The aim of the present paper was to identify a method providing optimal haemodynamic conditions during revascu-larization of the posterior cardiac wall. The hypothesis was that the use of the pleuropericardial window, which minimizes the effects of heart compression during exposure, and the Trendelenburg manoeuvre, which enhances heart filling, would create the best haemodynamic conditions.

In Group I, haemodynamic parameters (Fig. 1, Fig. 2) were most improved with the pleuropericardial window and the Trendelenburg position combined with tilting the operating table towards the surgeon. The effect of the pleuropericardial window was stronger than that of the Trendelenburg position with a tilted table; these manoeuvres used in combination had additive effects.

According to Porat et al., heart exposure distorts both right ventricle outflow and inflow. A compromised right ventricle function results in decreased left ventricular filling [18]. Mathison et al. believe that the mode of heart exposure, Trendelenburg position, and tilting the table towards the surgeon as well as the creation of a pleuropericardial window on the right side improve right ventricular inflow and systolic function. Subsequently, improved right ventricular ejection increases left ventricular filling pressure [19]. In Group II, haemodynamic parameters (Fig. 3, 4) deteriorated in all three methods of stabilization with a closed pleura when compared to the same methods of stabilization used with the pleuropericardial window, Trendelenburg position, and table tilted toward the surgeon.

The stabilizations used currently facilitate exposure of the posterior heart wall. Each of the stabilization systems studied caused haemodynamic conditions to deteriorate. The use of stabilizers presses the heart against the rigid pericardial sac, which impairs ventricular diastolic function and, consequently, decreases ejection volume. Opening the right pleura improves ventricular compliance, resulting in an increased ejection volume. The combined effect of improved stroke volume in the pleuropericardial window group, compared to that with a closed pleura, results from increased filling pressures related to the Trendelenburg position and table tilting. Posterior wall exposure and the use of stabilizers primarily affect the thin-walled and low-pressure right ventricle [19].

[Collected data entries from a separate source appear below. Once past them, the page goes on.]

Lemma sub_qtop : D (qtop Q) -> proj1_sig (qtop subquantale) = qtop Q.
Proof.
  intros Dtop; apply qle_antisym; [apply qle_top |].
  apply qsup_ub; exists (exist D (qtop Q) Dtop); split; trivial.
Qed.

Section Marked.

Variables (k : qkind) (e : Q).
Hypotheses (e_marked : marked k Q e) (D_e : D e).

Lemma sub_marked (y : subquantale) : marked k subquantale y <-> marked k Q (proj1_sig y).
Proof.
  assert (Hlift : forall y : subquantale, marked k Q (proj1_sig y) -> marked k subquantale y).
  { unfold marked in *; destruct k.
    - intros y' Hy a; split; apply sub_val_inj; apply Hy.
    - intros y' Hy; apply sub_val_inj; rewrite sub_qtop; [exact Hy |].
      rewrite <- e_marked; exact D_e. }
  split; [| apply Hlift].
  intros Hy; set (ey := exist D e D_e : subquantale).
  rewrite (marked_unique k _ y ey Hy (Hlift ey e_marked)); exact e_marked.
Qed.

Lemma is_hom_into_sub (R : InvQuantale) (g : R -> subquantale) :
  is_hom k R subquantale g <-> is_hom k R Q (fun x => proj1_sig (g x)).
Proof.
  rewrite !is_hom_marked; split; intros (Hs & Hm & Hi & Ht); repeat split.
  - intros S; rewrite Hs; simpl; apply qsup_img_img.
  - intros a b; rewrite Hm; reflexivity.
  - intros a; rewrite Hi; reflexivity.
  - intros e1 e2 H1 H2.
    rewrite (Ht e1 (exist D e D_e) H1 (proj2 (sub_marked (exist D e D_e)) e_marked)).
    exact (marked_unique k Q e e2 e_marked H2).
  - intros S; apply sub_val_inj; simpl; rewrite Hs; symmetry; apply qsup_img_img.
  - intros a b; apply sub_val_inj, Hm.
  - intros a; apply sub_val_inj, Hi.
  - intros e1 y H1 Hy; apply sub_val_inj, Ht; [exact H1 | apply sub_marked, Hy].
Qed.

End Marked.

End Subquantale.

Definition injection_generators {I : Type} {L : I -> InvQuantale} {C : InvQuantale}
  (inj : forall i, L i -> C) (e : C) : C -> Prop :=
  fun x => x = e \/ exists i y, x = inj i y.

Lemma coproduct_generated k I (L : I -> InvQuantale) (C : InvQuantale)
  (inj : forall i, L i -> C) (e : C) :
  is_coproduct k L C inj -> marked k C e -> generates (injection_generators inj e).
Proof.
  intros hC He D D_sup D_mul D_inv HD.
  pose proof hC as (hobj & hhom & huniv).
  assert (D_e : D e) by (apply HD; left; reflexivity).
  assert (D_inj : forall i y, D (inj i y)) by (intros i y; apply HD; right; eauto).
  set (Y := subquantale C D D_sup D_mul D_inv).
  set (f i y := exist D (inj i y) (D_inj i y) : Y).
  assert (HY : is_obj k Y).
  { apply is_obj_marked; exists (exist D e D_e); split.
    - apply (sub_marked C D D_sup D_mul D_inv k e He D_e); exact He.
    - apply sub_val_inj; simpl.
      destruct (proj1 (is_obj_marked k C) hobj) as (e' & He' & Hee').
      rewrite (marked_unique k C e e' He He'); exact Hee'. }
  assert (Hf : forall i, is_hom k (L i) Y (f i)).
  { intros i; apply (is_hom_into_sub C D D_sup D_mul D_inv k e He D_e); exact (hhom i). }
  destruct (huniv Y f HY Hf) as [h [Hh [Hhf _]]].
  intros c; rewrite <- (coproduct_endo_id k I L C inj hC (fun x => proj1_sig (h x))).
  - exact (proj2_sig (h c)).
  - exact (proj1 (is_hom_into_sub C D D_sup D_mul D_inv k e He D_e C h) Hh).
  - intros i y; rewrite Hhf; reflexivity.
Qed.

Lemma locale_of_idempotent_under_unit (Q : InvQuantale) (e : Q) :
  (forall c : Q, under_unit e c) -> (forall c : Q, qmul c c = c) -> (forall c : Q, qinv c = c) ->
  is_locale Q.
Proof.
  intros Hunit Hidem Hinv; split; [| exact Hinv].
  intros a b; apply qle_antisym.
  - destruct (Hunit a) as (_ & _ & Hae); destruct (Hunit b) as (Hb & Heb & _).
    apply qsup_ub; split.
    + rewrite <- Hae at 2; apply qmul_mono; [apply qle_refl | exact Hb].
    + rewrite <- Heb at 2; apply qmul_mono; [apply (Hunit a) | apply qle_refl].
  - apply qsup_least; intros x [Hxa Hxb].
    rewrite <- (Hidem x); apply qmul_mono; assumption.
Qed.

Section CommutingIdempotentGenerators.

Variables (Q : InvQuantale) (e : Q) (G : Q -> Prop).
Hypothesis G_under_unit : forall g, G g -> under_unit e g.
Hypothesis G_idem : forall g, G g -> qmul g g = g.
Hypothesis G_inv : forall g, G g -> qinv g = g.
Hypothesis G_comm : forall g h, G g -> G h -> qmul g h = qmul h g.

Inductive products : Q -> Prop :=
  | products_gen g : G g -> products g
  | products_mul (a b : Q) : products a -> products b -> products (qmul a b).

Lemma products_under_unit p : products p -> under_unit e p.
Proof.
  induction 1 as [g Hg | a b _ (Ha & Hea & Hae) _ (Hb & Heb & Hbe)]; [auto |].
  repeat split.
  - apply qle_trans with (qmul a e); [| rewrite Hae; exact Ha].
    apply qmul_mono; [apply qle_refl | exact Hb].
  - rewrite qmul_assoc, Hea; reflexivity.
  - rewrite <- qmul_assoc, Hbe; reflexivity.
Qed.

Lemma products_comm_gen p g : products p -> G g -> qmul p g = qmul g p.
Proof.
  intros Hp Hg; induction Hp as [h Hh | a b _ IHa _ IHb]; [auto |].
  rewrite <- qmul_assoc, IHb, qmul_assoc, IHa, qmul_assoc; reflexivity.
Qed.

Lemma products_comm p q : products p -> products q -> qmul p q = qmul q p.
Proof.
  intros Hp Hq; induction Hq as [g Hg | a b _ IHa _ IHb].
  - apply products_comm_gen; assumption.
  - rewrite qmul_assoc, IHa, <- qmul_assoc, IHb, qmul_assoc; reflexivity.
Qed.

Lemma products_idem p : products p -> qmul p p = p.
Proof.
  induction 1 as [g Hg | a b Ha IHa Hb IHb]; [auto |].
  transitivity (qmul (qmul a a) (qmul b b)); [| rewrite IHa, IHb; reflexivity].
  rewrite <- !qmul_assoc; f_equal; rewrite !qmul_assoc; f_equal.
  apply products_comm; assumption.
Qed.

Lemma products_inv p : products p -> qinv p = p.
Proof.
  induction 1 as [g Hg | a b Ha IHa Hb IHb]; [auto |].
  rewrite qinv_mul, IHa, IHb; apply products_comm; assumption.
Qed.

Definition products_below (c : Q) : Q -> Prop := fun p => products p /\ qle p c.

Lemma join_products_below (c : Q) : qle (qsup (products_below c)) c.
Proof. apply qsup_least; intros p [_ Hp]; exact Hp. Qed.
(* Let $\Phi$ be an Orlicz function and $p$ a lattice norm on $\mathbb{R}^2$ with $p((1,0))=1$. Then the functional $$\|x\|_{\Phi,p}=\inf_{k>0}\frac1k\,p\big((1,I_\Phi(kx))\big),\qquad x\in L^\Phi(\mu),$$ is a norm on $L^\Phi(\mu)$.
   Context: $(\Omega,\Sigma,\mu)$ is a $\sigma$-finite complete measure space and $L^0$ denotes the space of (classes of $\mu$-a.e. equal) real-valued $\Sigma$-measurable functions on $\Omega$. An Orlicz function is a function $\Phi:\mathbb{R}\to[0,\infty)$ which is convex, even, vanishes at $0$ and is not identically zero. For $x\in L^0$, $I_\Phi(x)=\int_\Omega\Phi(x(t))\,d\mu\in[0,+\infty]$. The Orlicz space is $L^\Phi(\mu)=\{x\in L^0: I_\Phi(\lambda x)<\infty\text{ for some }\lambda>0\}$. A lattice norm on $\mathbb{R}^2$ is a norm $p$ such that $p((u,v))\le p((u',v'))$ whenever $|u|\le|u'|$, $|v|\le|v'|$. In the formula for $\|x\|_{\Phi,p}$ the convention $p((1,+\infty))=+\infty$ is used. *)

From HB Require Import structures.
From mathcomp Require Import all_boot all_order all_algebra.
From mathcomp Require Import all_classical all_reals all_analysis.
Set Implicit Arguments. Unset Strict Implicit. Unset Printing Implicit Defensive.
Import Order.TTheory GRing.Theory Num.Theory.
Local Open Scope classical_set_scope.
Local Open Scope ring_scope.

Definition orlicz_function (R : realType) (Phi : R -> R) : Prop :=
  [/\ (forall u, 0 <= Phi u),
      (forall u v (t : R), 0 <= t -> t <= 1 ->
          Phi (t * u + (1 - t) * v) <= t * Phi u + (1 - t) * Phi v),
      (forall u, Phi (- u) = Phi u),
      Phi 0 = 0 &
      exists u, Phi u != 0].

Definition lattice_norm (R : realType) (p : R * R -> R) : Prop :=
  [/\ (forall w, p w = 0 -> w = (0, 0)),
      (forall (a : R) w, p (a * w.1, a * w.2) = `|a| * p w),
      (forall w z, p (w.1 + z.1, w.2 + z.2) <= p w + p z) &
      (forall u v u' v', `|u| <= `|u'| -> `|v| <= `|v'| -> p (u, v) <= p (u', v'))].

Definition I_Phi d (T : measurableType d) (R : realType)
  (mu : {measure set T -> \bar R}) (Phi : R -> R) (x : T -> R) : \bar R :=
  (\int[mu]_t (Phi (x t))%:E)%E.

Definition in_orlicz d (T : measurableType d) (R : realType)
  (mu : {measure set T -> \bar R}) (Phi : R -> R) (x : T -> R) : Prop :=
  measurable_fun setT x /\
  exists lam : R, 0 < lam /\ (I_Phi mu Phi (fun t => (lam * x t)%R) < +oo)%E.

Watters et al. used deep pericardial sutures, the Octopus vacuum stabilizer, and the Trendelenburg manoeuvre with the table tilted towards the surgeon during posterior wall revascularization. They also observed that the minute volume and ejection volume dropped most when anastomoses were made to the circumflex artery [7].

When the effect of the pleuropericardial window and dobutamine infusion (both in combination with the Trendelenburg position and table tilted towards the surgeon) on heart functioning was analysed in Group III, the use of dobutamine infusion during posterior wall exposure proved beneficial; however, the effect of the pleuropericardial window was stronger.

In clinical studies, many patients require inotropic support when anastomoses are performed in the posterior wall – 36% reported by Resano and 23% according to Mathison [25, 19].

Conclusions

Trendelenburg positioning and tilting of the table towards the operator together with the creation of a pleuropericardial window resulted in an improvement of haemodynamic conditions when the posterior cardiac wall was exposed. These manoeuvres facilitate complete off-pump revascularization in stable haemodynamic conditions.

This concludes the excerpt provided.